My installations are personal, intuitive, tactile, visual and not at all didactic but they are informed by an appreciation and an understanding of the relevant environmental issues.

AS: Although your work seems to be mostly abstracted, it readily conjures narrative elements – what does “narrative” mean to you?
Nancy Cohen: My work is abstract with specific references. In material, concept and form I am trying to balance a line between fragility and strength, survival and collapse. Individual bodies of work fall into distinct categories – imagery and ideas derive from memories of particular landscapes, primarily waterways in industrialized New Jersey (but at times farther afield), and more personal observations of human struggle, most recently, human aging. The work is narrative in as much as it is a personal reflection.

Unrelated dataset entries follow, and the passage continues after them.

Lemma eps_connected_sym n x eps t a b :
  eps_connected n x eps t a b -> eps_connected n x eps t b a.
Proof.
  induction 1 as [a b (Ha & Hb & Hab)| |]; [|apply rt_refl|eapply rt_trans; eauto].
  apply rt_step. repeat split; auto. rewrite Rabs_minus_sym; exact Hab.
Qed.

(* A chain from [a] to [b] with steps at most [eps] passes within [eps] of every
   position between [x a t] and [x b t]. *)
Lemma eps_connected_between n x eps t a b m : 0 <= eps ->
  (a < n)%nat -> (m < n)%nat -> eps_connected n x eps t a b ->
  (x a t <= x m t <= x b t \/ x b t <= x m t <= x a t) ->
  eps_connected n x eps t a m.
Proof.
  intros Heps Ha Hm Hab. apply clos_rt_rt1n in Hab. revert Ha.
  induction Hab as [a|a c b (_ & Hc & Hac) _ IH]; intros Ha Hbet.
  - apply rt_step. repeat split; auto. apply Rabs_le. lra.
  - destruct (Rle_dec (Rabs (x a t - x m t)) eps) as [Hclose|Hfar].
    + apply rt_step. repeat split; auto.
    + apply rt_trans with c; [apply rt_step; repeat split; auto|].
      apply IH; [exact Hc|].
      apply Rnot_le_lt in Hfar. apply Rabs_le_inv in Hac.
      revert Hfar. unfold Rabs; destruct (Rcase_abs (x a t - x m t)); intros; lra.
Qed.

Lemma type_ii_break_point_global_min n x eps (J : R -> Prop) X t s p : 0 <= eps ->
  is_class n x eps t X -> break_point n x X J t s p ->
  centered n x s t = - centered n x p t ->
  forall m, (m < n)%nat -> Rabs (centered n x s t) <= Rabs (centered n x m t).
Proof.
  intros Heps (s0 & _ & HX) (_ & Xs & Xp & _ & _ & Hmin) E m Hm.
  destruct (Rle_dec (Rabs (centered n x s t)) (Rabs (centered n x m t))) as [H|H];
    [exact H|exfalso].
  apply HX in Xs as [Hs Hs0s]. apply HX in Xp as [Hp Hs0p].
  (* [m] is strictly closer to [I t] than [s] and [p], hence lies between them *)
  assert (Hbet : x s t <= x m t <= x p t \/ x p t <= x m t <= x s t).
  { revert H E. unfold centered, Rabs.
    destruct (Rcase_abs (x s t - Icurve n x t)), (Rcase_abs (x m t - Icurve n x t));
      intros; lra. }
  assert (Hsm : eps_connected n x eps t s m).
  { apply (eps_connected_between n x eps t s p m Heps Hs Hm); [|exact Hbet].
    eapply rt_trans; [apply eps_connected_sym, Hs0s|exact Hs0p]. }
  assert (Xm : X m) by (apply HX; split; [exact Hm|exact (rt_trans _ _ _ _ _ Hs0s Hsm)]).
  specialize (Hmin m Xm). unfold fdist, centered in *. lra.
Qed.

Lemma type_ii_break_is_antipodal_tie n x eps ts tau Jel t s p : 0 <= eps ->
  increasing_times ts tau -> elementary_interval n x ts tau Jel -> Jel t ->
  type_ii_break_of_some_envelope n x eps ts tau t s p ->
  In s (seq 0 n) /\ In p (seq 0 n) /\ antipodal_tie (centered n x) Jel (seq 0 n) s p t.
Proof.
  intros Heps Hts HJel Jt (X & J & (_ & _ & Hcl & _) & Hbp & E & Hne & d & Hd & Hiso).
  pose proof Hbp as (_ & Xs & Xp & Jt' & _).
  destruct (Hcl t Jt') as [_ Hclass].
  pose proof Hclass as (s0 & _ & HX).
  pose proof (proj1 (proj1 (HX s) Xs)) as Hs. pose proof (proj1 (proj1 (HX p) Xp)) as Hp.
  split; [apply in_seq; lia|]. split; [apply in_seq; lia|].
  refine (conj Jt (conj E (conj Hne (conj _ _)))).
  - intros m Hm. apply in_seq in Hm.
    exact (type_ii_break_point_global_min n x eps J X t s p Heps Hclass Hbp E m
      ltac:(lia)).
  - exists d. split; [exact Hd|]. intros u Ju.
    exact (Hiso u (elementary_interval_in_dom n x ts tau Jel Hts HJel u Ju)).
Qed.

Theorem mainTheorem5 (n : nat) (x : nat -> R -> R) (eps : R)
  (ts : nat -> R) (tau : nat)
  (Hn : (0 < n)%nat) (Heps : eps > 0)
  (Hts : increasing_times ts tau)
  (Hpl : piecewise_linear n x ts tau)
  (Hgp : general_position n x eps ts tau)
  (Jel : R -> Prop) (HJel : elementary_interval n x ts tau Jel)
  (bps : list (R * nat * nat))
  (Hnd : NoDup bps)
  (Hbps : forall t s p, In (t, s, p) bps ->
     (s < p)%nat /\ Jel t /\ type_ii_break_of_some_envelope n x eps ts tau t s p) :
  INR (length bps) <= 13 / 2 * INR n.
Proof.
  destruct (elementary_interval_centered_affine n x ts tau Jel Hpl HJel) as [A Haff].
  assert (HJint : is_interval Jel) by (destruct HJel as (? & ? & ? & _); assumption).
  assert (Hties : forall tr, In tr bps -> tie_triple (centered n x) Jel (seq 0 n) (seq 0 n) tr).
  { intros [[t s] p] Htr. destruct (Hbps t s p Htr) as (Hsp & Jt & Hb).
    destruct (type_ii_break_is_antipodal_tie n x eps ts tau Jel t s p ltac:(lra) Hts HJel Jt Hb)
      as (Hs & Hp & T).
    exact (conj Hsp (conj Hs (conj Hp T))). }
  pose proof (tie_triples_length_le (centered n x) A Jel (seq 0 n) HJint Haff
    (general_position_centered n x eps ts tau Jel Hts Hgp HJel)
    (seq 0 n) bps (incl_refl _) Hnd Hties) as Hcount.
  rewrite length_seq in Hcount. apply le_INR in Hcount. rewrite mult_INR in Hcount.
  simpl in Hcount. pose proof (pos_INR n). lra.
Qed.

AS: Can you share what you are working on now?
Nancy Cohen: My work continues to move between a focus on waterways at the site of environmental disruption to one more directly about human experience. As time goes on I see more and more parallels between the two. I had two very different kinds of residencies this past summer that bring these connections home. I am currently working on trying to integrate those experiences and make work about them.

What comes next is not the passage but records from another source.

Lemma profile_deriv_pos tau g g1 s L : 0 < tau -> profile tau g g1 -> 2 * tau < g s ->
  0 <= g1 s -> (forall x, s <= x <= s + L -> g x < 1 + 2 * tau) ->
  forall x, s <= x <= s + L -> 0 < g1 x.
Proof.
  intros Htau Hg Hgs Hg1s Hbelow_top.
  assert (Hg1_ne : forall x, s <= x <= s + L -> 2 * tau < g x -> g1 x <> 0).
  { intros x Hx Hgx H0. pose proof (profile_energy Hg x) as He. rewrite H0 in He.
    specialize (Hbelow_top x Hx).
    assert (0 < (1 + 2 * tau - g x) * (g x ^ 2 - 4 * tau ^ 2)) by (apply Rmult_lt_0_compat; nra).
    nra. }
  assert (Hcont : forall x, continuity_pt g1 x)
    by (intros x; apply (dl_continuity_pt _ _ _ (profile_deriv2 Hg x))).
  intros x Hx.
  enough (Hind : forall y, s <= y -> y <= s + L -> 0 < g1 y) by (apply Hind; lra).
  apply (real_induction (fun y => y <= s + L -> 0 < g1 y) s). intros y Hy Hprev.
  destruct (Rlt_or_le (s + L) y) as [Hfar|Hnear].
  { exists 1; split; [lra|]. intros z Hz Hzl. apply Hprev; lra. }
  assert (Hgy : 2 * tau < g y).
  { apply Rlt_le_trans with (g s); [exact Hgs|].
    apply (incr_of_dl_pos g g1); [apply (profile_deriv Hg) | intros z Hz; apply Hprev; lra | lra]. }
  assert (Hg1y : 0 <= g1 y).
  { destruct (Req_dec y s) as [->|Hne]; [exact Hg1s|].
    apply Ropp_le_cancel. rewrite Ropp_0.
    apply (continuity_pt_le_left (fun z => - g1 z) s y); [apply continuity_pt_opp, Hcont | lra |].
    intros z Hz. pose proof (Hprev z ltac:(lra) ltac:(lra)). lra. }
  assert (Hpos : 0 < g1 y).
  { destruct Hg1y as [Hlt|Heq]; [exact Hlt|].
    exfalso. apply (Hg1_ne y); [lra | exact Hgy | now symmetry]. }
  destruct (continuity_pt_pos_nbhd g1 y (Hcont y) Hpos) as [d [Hd Hnbhd]].
  exists d; split; [exact Hd|]. intros z Hz Hzl.
  destruct (Rlt_or_le z y); [apply Hprev; lra | apply Hnbhd, Rabs_def1; lra].
Qed.

Lemma profile_reaches_three_quarters tau g g1 d s : 0 < d <= 1 / 2 -> 0 < tau <= d / 160 ->
  profile tau g g1 -> d <= g s -> (forall x, s <= x <= s + 2 / d -> 0 < g1 x) ->
  exists p, s <= p <= s + 2 / d /\ 3 / 4 <= g p.
Proof.
  intros Hd Htau Hg Hgs Hpos. assert (H2d : 0 < 2 / d) by (apply Rdiv_lt_0_compat; lra).
  apply NNPP; intro Hnone.
  assert (Hlow : forall p, s <= p <= s + 2 / d -> g p < 3 / 4).
  { intros p Hp. apply Rnot_le_lt; intro Hhigh. apply Hnone; exists p; split; assumption. }
  assert (Hfast : forall p, s <= p <= s + 2 / d -> d / 2 <= g1 p).
  { intros p Hp. specialize (Hlow p Hp). pose proof (Hpos p Hp) as Hg1p.
    assert (Hgp : d <= g p).
    { apply Rle_trans with (g s); [exact Hgs|].
      apply (incr_of_dl_pos g g1); [apply (profile_deriv Hg) | intros z Hz; apply Hpos; lra | lra].
    }
    assert (Hsq : d ^ 2 / 4 <= g1 p ^ 2).
    { rewrite (profile_energy Hg p).
      assert (d ^ 2 / 2 <= g p ^ 2 - 4 * tau ^ 2) by nra.
      assert (1 / 4 <= 1 + 2 * tau - g p) by lra.
      nra. }
    nra. }
  destruct (MVT_cor2 g g1 s (s + 2 / d) ltac:(lra) (fun c _ => profile_deriv Hg c))
    as [z [Hz Hzs]].
  specialize (Hfast z ltac:(lra)). specialize (Hlow (s + 2 / d) ltac:(lra)).
  replace (s + 2 / d - s) with (2 / d) in Hz by ring.
  assert (d / 2 * (2 / d) = 1) by (field; lra).
  assert (d / 2 * (2 / d) <= g1 z * (2 / d)) by (apply Rmult_le_compat_r; lra).
  lra.
Qed.

Lemma profile_climbs tau g g1 d s : 0 < d <= 1 / 2 -> 0 < tau <= d / 160 -> profile tau g g1 ->
  d <= g s -> 0 <= g1 s -> exists m, s <= m <= s + (2 / d + 10) /\ g m = 1 + 2 * tau.
Proof.
  intros Hd Htau Hg Hgs Hg1s. assert (H2d : 0 < 2 / d) by (apply Rdiv_lt_0_compat; lra).
  apply NNPP; intro Hno.
  assert (Hbelow_top : forall x, s <= x <= s + (2 / d + 10) -> g x < 1 + 2 * tau).
  { intros x Hx. destruct (profile_range Hg x) as [_ [Hlt|Heq]]; [exact Hlt|].
    exfalso; apply Hno; exists x; split; assumption. }
  pose proof (profile_deriv_pos tau g g1 s _ ltac:(lra) Hg ltac:(lra) Hg1s Hbelow_top) as Hpos.
  destruct (profile_reaches_three_quarters tau g g1 d s Hd Htau Hg Hgs
              (fun x Hx => Hpos x ltac:(lra))) as [p [Hp Hgp]].
  destruct (MVT_cor2 g1 (fun x => force tau (g x)) p (p + 10) ltac:(lra)
              (fun c _ => profile_deriv2 Hg c)) as [z [Hz Hzp]].
  assert (Hforce : force tau (g z) <= - 1 / 4).
  { apply force_le_high; [lra|]. split; [|apply (profile_range Hg)].
    apply Rle_trans with (g p); [exact Hgp|].
    apply (incr_of_dl_pos g g1); [apply (profile_deriv Hg) | intros y Hy; apply Hpos; lra | lra]. }
  pose proof (profile_deriv_lt tau g g1 p ltac:(lra) Hg).
  pose proof (Hpos (p + 10) ltac:(lra)).
  replace (p + 10 - p) with 10 in Hz by ring. lra.
Qed.

Lemma profile_top_near tau g g1 d s : 0 < d <= 1 / 2 -> 0 < tau <= d / 160 ->
  profile tau g g1 -> d <= g s -> exists m, Rabs (m - s) <= 2 / d + 10 /\ g m = 1 + 2 * tau.
Proof.
  intros Hd Htau Hg Hgs. destruct (Rle_or_lt 0 (g1 s)) as [Hup|Hdown].
  - destruct (profile_climbs tau g g1 d s Hd Htau Hg Hgs Hup) as [m [Hm Htop]].
    exists m; split; [apply Rabs_le; lra | exact Htop].
  - destruct (profile_climbs tau _ _ d (- s) Hd Htau (profile_reflect tau g g1 Hg))
      as [m [Hm Htop]]; cbv beta; rewrite ?Ropp_involutive; [exact Hgs | lra |].
    exists (- m); split; [apply Rabs_le; lra | exact Htop].
Qed.

Lemma const_of_dl_zero (p p1 : R -> R) a b : a <= b -> (forall x, dl p x (p1 x)) ->
  (forall z, a < z < b -> p1 z = 0) -> p b = p a.
Proof.
  intros Hab Hp Hzero. destruct (Req_dec a b) as [->|Hne]; [reflexivity|].
  destruct (MVT_cor2 p p1 a b ltac:(lra) (fun c _ => Hp c)) as [c [Hc Hcab]].
  rewrite Hzero in Hc by exact Hcab. lra.
Qed.

Lemma dl_of_locally_zero (p1 : R -> R) l y a b : a < y < b ->
  (forall z, a < z < b -> p1 z = 0) -> dl p1 y l -> l = 0.
Proof.
  intros Hy Hzero Hd.
  apply (uniqueness_limite (fun _ => 0) y); [|apply dl_const].
  apply (derivable_pt_lim_locally_ext p1 _ y a b); [exact Hy | exact Hzero | exact Hd].
Qed.

Lemma periodic_INR (p : R -> R) T : (forall x, p (x + T) = p x) ->
  forall k x, p (x + INR k * T) = p x.
Proof.
  intros HT k. induction k as [|k IH]; intros x.
  - simpl. f_equal. ring.
  - rewrite S_INR. replace (x + (INR k + 1) * T) with (x + INR k * T + T) by ring.
    rewrite HT. apply IH.
Qed.

(* If [p' * (p'' - F p) = 0], then [p'' = F p] away from the flat pieces of [p];
   starting from a point where [p'' <> F p], the flat piece would extend to
   [+oo], which periodicity turns into constancy of [p]. *)
Lemma second_order_of_first_integral (p p1 p2 F : R -> R) :
  (forall x, dl p x (p1 x)) -> (forall x, dl p1 x (p2 x)) ->
  (forall x, continuity_pt p2 x) -> continuity F ->
  (forall x, p1 x * (p2 x - F (p x)) = 0) ->
  (exists T, 0 < T /\ forall x, p (x + T) = p x) -> (exists a b, p a <> p b) ->
  forall x, p2 x = F (p x).
Proof.
  intros Hp Hp1 Hp2c HF Hprod [T [HT Hper]] [a [b Hab]] s0.
  set (Q := fun x => p2 x - F (p x)).
  assert (HQc : forall x, continuity_pt Q x).
  { intros x. apply continuity_pt_minus; [apply Hp2c|].
    apply (continuity_pt_comp p F); [apply (dl_continuity_pt _ _ _ (Hp x)) | apply HF]. }
  apply NNPP; intro Hs0.
  assert (HQs0 : Q s0 <> 0) by (unfold Q; intro H0; apply Hs0; lra).
  assert (Hflat : forall x, Q x <> 0 -> exists d, 0 < d /\ forall y, Rabs (y - x) < d -> p1 y = 0)
    by (intros x; apply (zero_near_of_mult_zero p1 Q x Hprod (HQc x))).
  assert (Hp2s0 : p2 s0 = 0).
  { destruct (Hflat s0 HQs0) as [d [Hd Hzero]].
    apply (dl_of_locally_zero p1 _ s0 (s0 - d) (s0 + d)); [lra | | apply Hp1].
    intros z Hz; apply Hzero, Rabs_def1; lra. }
  assert (Hzero : forall y, s0 <= y -> p1 y = 0).
  { apply real_induction. intros x Hx Hbelow.
    assert (HQx : Q x <> 0).
    { destruct (Req_dec x s0) as [->|Hne]; [exact HQs0|].
      assert (HQconst : forall y, s0 < y < x -> Q y = Q s0).
      { intros y Hy.
        assert (Hp2y : p2 y = 0).
        { apply (dl_of_locally_zero p1 _ y s0 x); [lra | | apply Hp1].
          intros z Hz; apply Hbelow; lra. }
        assert (Hpy : p y = p s0).
        { apply (const_of_dl_zero p p1); [lra | exact Hp | intros z Hz; apply Hbelow; lra]. }
        unfold Q. now rewrite Hp2y, Hpy, Hp2s0. }
      replace (Q x) with (Q s0); [exact HQs0|].
      apply Rle_antisym.
      - apply Ropp_le_cancel, (continuity_pt_le_left (fun y => - Q y) s0 x); [|lra|].
        + apply continuity_pt_opp, HQc.
        + intros y Hy; rewrite HQconst by exact Hy; lra.
      - apply (continuity_pt_le_left Q s0 x); [apply HQc | lra |].
        intros y Hy; rewrite HQconst by exact Hy; lra. }
    destruct (Hflat x HQx) as [d [Hd Hzero]]. exists d; split; [exact Hd|].
    intros y Hy. destruct (Rlt_or_le y x); [apply Hbelow; lra | apply Hzero, Rabs_def1; lra]. }
  assert (Hconst : forall x, p x = p s0).
  { intros x. destruct (INR_archimed T (s0 - x) HT) as [k Hk].
    rewrite <- (periodic_INR p T Hper k x).
    apply (const_of_dl_zero p p1); [lra | exact Hp |]. intros z Hz; apply Hzero; lra. }
  apply Hab. now rewrite (Hconst a), (Hconst b).
Qed.

Lemma is_phi_ode tau phi : is_phi tau phi ->
  exists p1 p2 : R -> R,
    (forall x, dl phi x (p1 x)) /\ (forall x, dl p1 x (p2 x)) /\
    (forall x, p1 x ^ 2 + (phi x ^ 2 - tau) ^ 2 = phi x ^ 2) /\
    (forall x, p2 x = phi x * (1 + 2 * tau - 2 * phi x ^ 2)).
Proof.
  intros [D [[HD0 HDd] [Hfi [Hper [Hnc _]]]]].
  assert (Hp : forall x, dl phi x (D 1%nat x)) by (intros x; rewrite <- HD0; apply HDd).
  exists (D 1%nat), (D 2%nat). split; [exact Hp|]. split; [intros x; apply HDd|].
  split; [exact Hfi|].
  apply (second_order_of_first_integral phi (D 1%nat) (D 2%nat)
           (fun x => x * (1 + 2 * tau - 2 * x ^ 2)));
    [exact Hp | intros x; apply HDd | intros x; apply (dl_continuity_pt _ _ _ (HDd 2%nat x))
    | reg | | exact Hper | exact Hnc].
  intros x.
  assert (Hd : dl (fun y => D 1%nat y ^ 2 + (phi y ^ 2 - tau) ^ 2 - phi y ^ 2) x
                 (2 * (D 1%nat x * (D 2%nat x - phi x * (1 + 2 * tau - 2 * phi x ^ 2))))).
  { eapply dl_eq; [|apply dl_minus; [apply dl_plus; apply dl_pow|apply dl_pow; apply Hp]].
    2: apply HDd.
    2: apply dl_minus; [apply dl_pow, Hp | apply dl_const].
    simpl; ring. }
  assert (Hd0 : dl (fun y => D 1%nat y ^ 2 + (phi y ^ 2 - tau) ^ 2 - phi y ^ 2) x 0).
  { apply (derivable_pt_lim_ext (fun _ => 0)); [intros z; rewrite Hfi; ring | apply dl_const]. }
  pose proof (uniqueness_limite _ _ _ _ Hd Hd0). lra.
Qed.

I spent two weeks on a sailboat in Samana, Dominican Republic, with the organization Ninth Wave Global. We were immersed in both a study and experience of Samana Bay. I was spending time in exquisitely isolated and beautiful places interspersed with visiting polluted sites – it made me think. We were in conversation about the source of that pollution on both a global and local scale. I also, for the first time, learned directly from members of fishing communities about the fishing industry – the struggles of fisherman and their families; issues of overfishing, sustainable fishing, methods of fishing that are both dangerous to the fisherman and the health of the ocean; the impact of invasive plants; the complexities of fishing nets – their manufacture, repair and distribution.
I then spent a month in Eastport, Maine as an artist in residence at the Tides Institute. The extraordinary beauty and isolation of that landscape is also intimately tied to the history of the local fishing industry. During daily walks along the coast I was captivated by both enormous quantities of seaweed that would encase virtually everything on site when the tide went out, and also leave behind huge amounts of industrial detritus. The now mostly empty waterfront of Eastport was once a home to large sardine and herring industries and factories for canning those products. Overfishing and changing tastes made the industries obsolete and the factories literally crumbled into the ocean. Strong winds and tides have weathered the buildings’ bricks and they now appear as rounded stones. I was fascinated by both the piles of seaweed and the seeming return of manufactured bricks to an organic form. Forces of nature, now changed, reclaiming everything.
I am thinking about survival in a time of environmental change, on both an intimate and societal scale. I am thinking about the struggles of aging – negotiating the world, even just the day and how that connects to life’s broader problems. I am trying to put those ideas and feelings into my work.